Cette solution peut néanmoins rendre parfois excessivement complexe l’exécution du contrat, compte tenu des obligations de paiement, de réception des prestations, ou de sanctions contractuelles qui se trouvent démultipliées.

2° L’aménagement du transfert

La réponse ministérielle précitée indique « Les services publics organisés à l’échelle communautaire n’ont pas la même configuration que ceux organisés à l’échelle communale. Les contrats souscrits par l’EPCI peuvent donc s’avérer inadéquats par rapports aux besoins des communes qui ont récupéré leurs compétences.
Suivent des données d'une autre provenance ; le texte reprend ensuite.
(* With $W=\mathrm{des}(\pi)$ and $W^\ast=\mathrm{des}(\pi^\ast)$ as constructed in the context, \[\mathrm{Var}\bigl(\mathbb{E}(W^\ast-W\mid\pi)\bigr)\le\frac{Cn^5}{n^2\bigl(n^2-\sum_a n_a^2\bigr)^2}\] for an absolute constant $C$ (independent of $h$, $n$ and the $n_a$). Here $\mathbb{E}(\cdot\mid\pi)$ averages over the auxiliary randomness $I,J,i^\ast,j^\ast$.
   Context: Let $h\ge 2$, let $n_1,\dots,n_h$ be positive integers, $n=n_1+\dots+n_h\ge 4$, and let $\pi$ be a uniformly distributed permutation of the multiset $\{1^{n_1},\dots,h^{n_h}\}$ (a sequence $(\pi(1),\dots,\pi(n))$ in which each $a$ occurs $n_a$ times, all such sequences equally likely). $\mathrm{des}(\pi)$ is the number of $i\in\{1,\dots,n-1\}$ with $\pi(i)>\pi(i+1)$. Construction of $\pi^\ast$: Let $I$ be uniformly distributed over $\{(1,2),(2,3),\dots,(n-1,n)\}$; let $J=(a,b)$, for $h\ge a>b\ge 1$, with probability $n_an_b/\sum_{c<d}n_cn_d$; $\pi,I,J$ are independent. Write $I=(i,j)$ with $j=i+1$. If $\pi(i)>\pi(j)$, set $\pi^\ast=\pi$. If $\pi(i)\le\pi(j)$ and $J=(a,b)$: choose $i^\ast$ uniformly from $\{k:\pi(k)=a\}$ and $j^\ast$ uniformly from $\{k:\pi(k)=b\}$, independently of each other and of all else. Then: (1) if $\{i,j\}\cap\{i^\ast,j^\ast\}=\emptyset$, or $i=i^\ast,j\ne j^\ast$, or $i\ne i^\ast,j=j^\ast$, obtain $\pi^\ast$ from $\pi$ by exchanging the entries at positions $i$ and $i^\ast$ and exchanging the entries at positions $j$ and $j^\ast$; (2) if $i=j^\ast$ and $j=i^\ast$, exchange the entries at positions $i$ and $j$; (3) if $i=j^\ast$, $j\ne i^\ast$, set $\pi^\ast(i)=\pi(i^\ast)$, $\pi^\ast(j)=\pi(i)$, $\pi^\ast(i^\ast)=\pi(j)$, and $\pi^\ast(k)=\pi(k)$ for $k\notin\{i,j,i^\ast\}$; (4) if $i\ne j^\ast$, $j=i^\ast$, set $\pi^\ast(i)=\pi(j)$, $\pi^\ast(j)=\pi(j^\ast)$, $\pi^\ast(j^\ast)=\pi(i)$, and $\pi^\ast(k)=\pi(k)$ for $k\notin\{i,j,j^\ast\}$. *)

(* Letters are natural numbers 1..h; sequences are seq nat,
   positions are 0-based (position k of the paper is k.+1 here, irrelevant). *)
From HB Require Import structures.
From mathcomp Require Import all_boot all_order all_algebra.
Set Implicit Arguments. Unset Strict Implicit. Unset Printing Implicit Defensive.
Import Order.TTheory GRing.Theory Num.Theory.
Lemma tail_closed (Z : P -> Prop) (F : L -> P) (a0 : L) :
  frequently_closed Z -> subsequential_limits_in Z F ->
  conv_closed (fun p => Z p \/ exists a, leq_of lt a0 a /\ F a = p).
Proof.
  intros HZ HF g z Hg Hconv.
  destruct (classic (frequently lt (fun b => Z (g b)))) as [Hfreq|Hnfreq];
    [left; exact (HZ g z Hfreq Hconv)|].
  pose (tail_index b c := leq_of lt a0 c /\ F c = g b).
  destruct (classic (exists alpha, frequently lt (fun b => exists c, lt c alpha /\ tail_index b c)))
    as [[alpha Hbounded]|Hunbounded].
  - destruct (frequently_pigeonhole alpha _ Hbounded) as [c [_ Hc]].
    destruct L_inhabited as [a]; destruct (Hc a) as [b [_ [Ha0c _]]].
    right; exists c; split; [exact Ha0c|symmetry].
    apply (conv_frequent_value g); [|exact Hconv].
    intros a'; destruct (Hc a') as [b' [Hb' [_ HFc]]]; exists b'; auto.
  - pose (A b := epsilon (inhabits a0) (tail_index b)).
    assert (HA : eventually lt (fun b => tail_index b (A b))).
    { destruct (eventually_not_of_not_frequently _ Hnfreq) as [a Ha].
      exists a; intros b Hab; apply (epsilon_spec (inhabits a0) (tail_index b)).
      destruct (Hg b) as [HZb|Htail]; [contradiction (Ha b Hab)|exact Htail]. }
    left; apply (limit_of_unbounded_preimage Z F g A z HF Hconv).
    + destruct HA as [a Ha]; exists a; intros b Hab; apply Ha, Hab.
    + intros alpha.
      assert (Hn := not_ex_all_not _ _ Hunbounded alpha).
      destruct (eventually_and _ _ HA (eventually_not_of_not_frequently _ Hn)) as [a Ha].
      exists a; intros b Hab; destruct (Ha b Hab) as [Htail Hnot].
      apply leq_of_not_lt; intros Hlt; apply Hnot; exists (A b); auto.
Qed.

Context (D : P -> Prop).

Definition topological_limit (f : L -> P) (x : P) : Prop :=
  forall X, conv_closed X -> (forall p, D p -> X p) -> ~ X x ->
    eventually lt (fun a => ~ X (f a)).

Lemma topological_limit_reindex f x h :
  reindexing lt h -> topological_limit f x -> topological_limit (fun a => f (h a)) x.
Proof. intros Hh Hf X HX HD Hx; exact (eventually_reindex _ h Hh (Hf X HX HD Hx)). Qed.
(* Let $G$ be an exceptional graph with root $r$, and let $\{x,y\}=V_2(G)\setminus\{r\}$. Then one of the following holds: (i) $x$ and $y$ are non-adjacent, have the same neighborhood (they are $2$-twins), and $L_G(x,y)\equiv\{1,2\}\pmod 3$; (ii) $x$ and $y$ are adjacent and $L_G(x,y)\equiv\{0,1\}\pmod 3$. Moreover, if $G\neq K_{2,3}$, then $\{0,2\}\subseteq L_{G-y}(r,x)\pmod 3$ and $\{0,2\}\subseteq L_{G-x}(r,y)\pmod 3$.
   Context: All graphs are finite and simple. $V_2(H)$ is the set of degree-$2$ vertices of $H$. For distinct vertices $u,w$ of a graph $H$, $L_H(u,w)$ is the set of lengths (numbers of edges) of all $(u,w)$-paths in $H$. For sets of integers $A,B$, $A\subseteq B\pmod k$ means every $a\in A$ is congruent mod $k$ to some $b\in B$, and $A\equiv B\pmod k$ means both $A\subseteq B\pmod k$ and $B\subseteq A\pmod k$. Exceptional graphs: let $r$ be a degree-$2$ vertex of $G$. $G$ is an exceptional graph with root $r$ if there is a sequence $(G_0,x_0,y_0),\ldots,(G_n,x_n,y_n)$, $n\ge 0$, with $G_0=K_{2,3}$, $G_n=G$, such that for each $i$ the vertices $r,x_i,y_i$ are distinct degree-$2$ vertices of $G_i$, and for each $i<n$: (1) if $x_iy_i\notin E(G_i)$, $G_{i+1}$ is obtained from $G_i$ by adding a new path of length $3$ joining $x_i$ and $y_i$; (2) if $x_iy_i\in E(G_i)$, $G_{i+1}$ is obtained from $G_i$ either by adding a new vertex $v$ with $N_{G_{i+1}}(v)=N_{G_i}(w)$ for some $w\in\{x_i,y_i\}$, or by adding a new $4$-cycle $abcda$ and the edges $ax_i,cy_i$. (Every such graph has exactly three degree-$2$ vertices.) *)

(* Finite simple graphs are represented with vertices drawn
   from an ambient finType T: a vertex set [vs] and an edge set [es] of
   2-element subsets of [vs]. *)
From mathcomp Require Import all_boot.
Set Implicit Arguments. Unset Strict Implicit. Unset Printing Implicit Defensive.

Record graph (T : finType) := Graph { vs : {set T}; es : {set {set T}} }.

Section Graphs.
Variable T : finType.
Implicit Types (G : graph T) (u v w x y r : T).

Definition wf_graph G := forall e, e \in es G -> (#|e| == 2) && (e \subset vs G).

Definition adj G u v : bool := (u != v) && ([set u; v] \in es G).

Definition nbh G v : {set T} := [set u in vs G | adj G v u].

Definition deg G v : nat := #|nbh G v|.

Definition V2 G : {set T} := [set v in vs G | deg G v == 2].

Definition del G v : graph T := Graph (vs G :\ v) [set e in es G | v \notin e].

(* s is the tail of a (u,w)-path u :: s in G: distinct vertices of G,
   consecutive ones adjacent, ending at w. Its length is size s. *)
Definition gpath G u w (s : seq T) : bool :=
  [&& path (adj G) u s, last u s == w, uniq (u :: s) & all (fun z => z \in vs G) (u :: s)].

Definition Lset G u w : nat -> Prop := fun n => exists s, gpath G u w s /\ size s = n.

Definition subset_mod (A B : nat -> Prop) (k : nat) : Prop :=
  forall a, A a -> exists b, B b /\ a = b %[mod k].
Definition equiv_mod (A B : nat -> Prop) (k : nat) : Prop :=
  subset_mod A B k /\ subset_mod B A k.

Definition natset (s : seq nat) : nat -> Prop := fun n => n \in s.

Definition isK23 G : Prop :=
  exists a1 a2 b1 b2 b3 : T,
    [/\ uniq [:: a1; a2; b1; b2; b3],
        vs G = [set a1; a2; b1; b2; b3] &
        es G = [set [set a1; b1]; [set a1; b2]; [set a1; b3];
                    [set a2; b1]; [set a2; b2]; [set a2; b3]]].

(* One step G_i -> G_{i+1} of the construction, with r, x = x_i, y = y_i. *)
Definition ext_step r G x y G' : Prop :=
  [/\ uniq [:: r; x; y], r \in V2 G, x \in V2 G, y \in V2 G &
  (~~ adj G x y /\
     exists p q : T, [/\ uniq [:: p; q], p \notin vs G, q \notin vs G,
        vs G' = vs G :|: [set p; q] &
        es G' = es G :|: [set [set x; p]; [set p; q]; [set q; y]]])
  \/
  (adj G x y /\
     (
      (exists v w : T, [/\ v \notin vs G, w \in [:: x; y],
          vs G' = v |: vs G &
          es G' = es G :|: [set [set v; u] | u in nbh G w]])
      \/
      (exists a b c d : T, [/\ uniq [:: a; b; c; d],
          [&& a \notin vs G, b \notin vs G, c \notin vs G & d \notin vs G],
          vs G' = vs G :|: [set a; b; c; d] &
          es G' = es G :|: [set [set a; b]; [set b; c]; [set c; d]; [set d; a];
                                [set a; x]; [set c; y]]])))].

(* exc r G : G = G_n for some sequence G_0 = K_{2,3}, ..., G_n built as above
   (the conditions for i < n are imposed by ext_step). *)
Inductive exc (r : T) : graph T -> Prop :=
| exc_base G : isK23 G -> r \in V2 G -> exc r G
| exc_step G x y G' : exc r G -> ext_step r G x y G' -> exc r G'.

(* exceptional graph with root r: also the condition for i = n *)
Definition exceptional G r : Prop :=
  exc r G /\ exists x y, uniq [:: r; x; y] /\ [/\ r \in V2 G, x \in V2 G & y \in V2 G].

End Graphs.

(* Induction along the construction sequence, with an invariant stronger than
   the statement: G has minimum degree 2, and both L_G(r,x) and L_G(r,y)
   contain 1 and 2 mod 3.  In K_{2,3} all paths between degree-2 vertices have
   even length at most 4.  Each step attaches a gadget whose two new degree-2
   vertices can only be joined through it, so their paths are the old
   (x,y)-paths lengthened by 2, 1 or 4 edges (path of length 3, twin vertex,
   4-cycle), which moves the residues {1,2} and {0,1} into each other; paths
   from r to the new vertices are old (r,x)- and (r,y)-paths extended into the
   gadget. *)

From mathcomp Require Import all_boot zify.
Set Implicit Arguments. Unset Strict Implicit. Unset Printing Implicit Defensive.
Les communes peuvent alors décider ensemble de mettre un terme aux contrats dans les conditions de droit commun, si elles estiment que les conséquences de la poursuite des contrats sont excessives au regard des prestations fournies ou si une gestion commune des contrats ne peut que conduire à des contentieux permanents et rend inévitable la résiliation ultérieure dans des conditions défavorables. » (ibid.).

Afin d’éviter une résiliation pour motif d’intérêt général coûteuse pour les collectivités, il est également possible que ces dernières s’accordent pour qu’une d’entre elles deviennent l’unique titulaire du contrat. En effet, si le transfert du contrat à la suite du transfert de compétence est de plein droit, un accord contraire des parties peut y déroger.

Dans cette optique, deux options sont ouvertes. La première est de réduire par avenant l’objet du contrat pour que ce dernier corresponde au périmètre de la compétence de la collectivité récupérant le contrat. Ce dernier s’analyserait comme une résiliation partielle du contrat s’agissant de la ou les personnes publiques pour lesquelles sa poursuite n’apparaît plus pertinente.

La seconde est de conserver intact le périmètre du contrat, mais en réduisant le nombre des parties. Dans ce montage, une seule des personnes publiques conserve la qualité de cocontractant et joue le rôle d’interface entre le titulaire et les autres collectivités. Les collectivités doivent alors conclure un contrat tel qu’une convention d’entente confiant à celle assurant l’interface les prestations relevant de la compétence des autres collectivités, en veillant à ne pas provoquer de transferts financiers indirects entre collectivités autres que ceux résultant strictement de la compensation de charges d’investissement et d’exploitation du service mutualisé (CGCT, art. L. 5221-1. – CE, 3 févr. 2012, n° 353737, Cne Veyrier-du-Lac).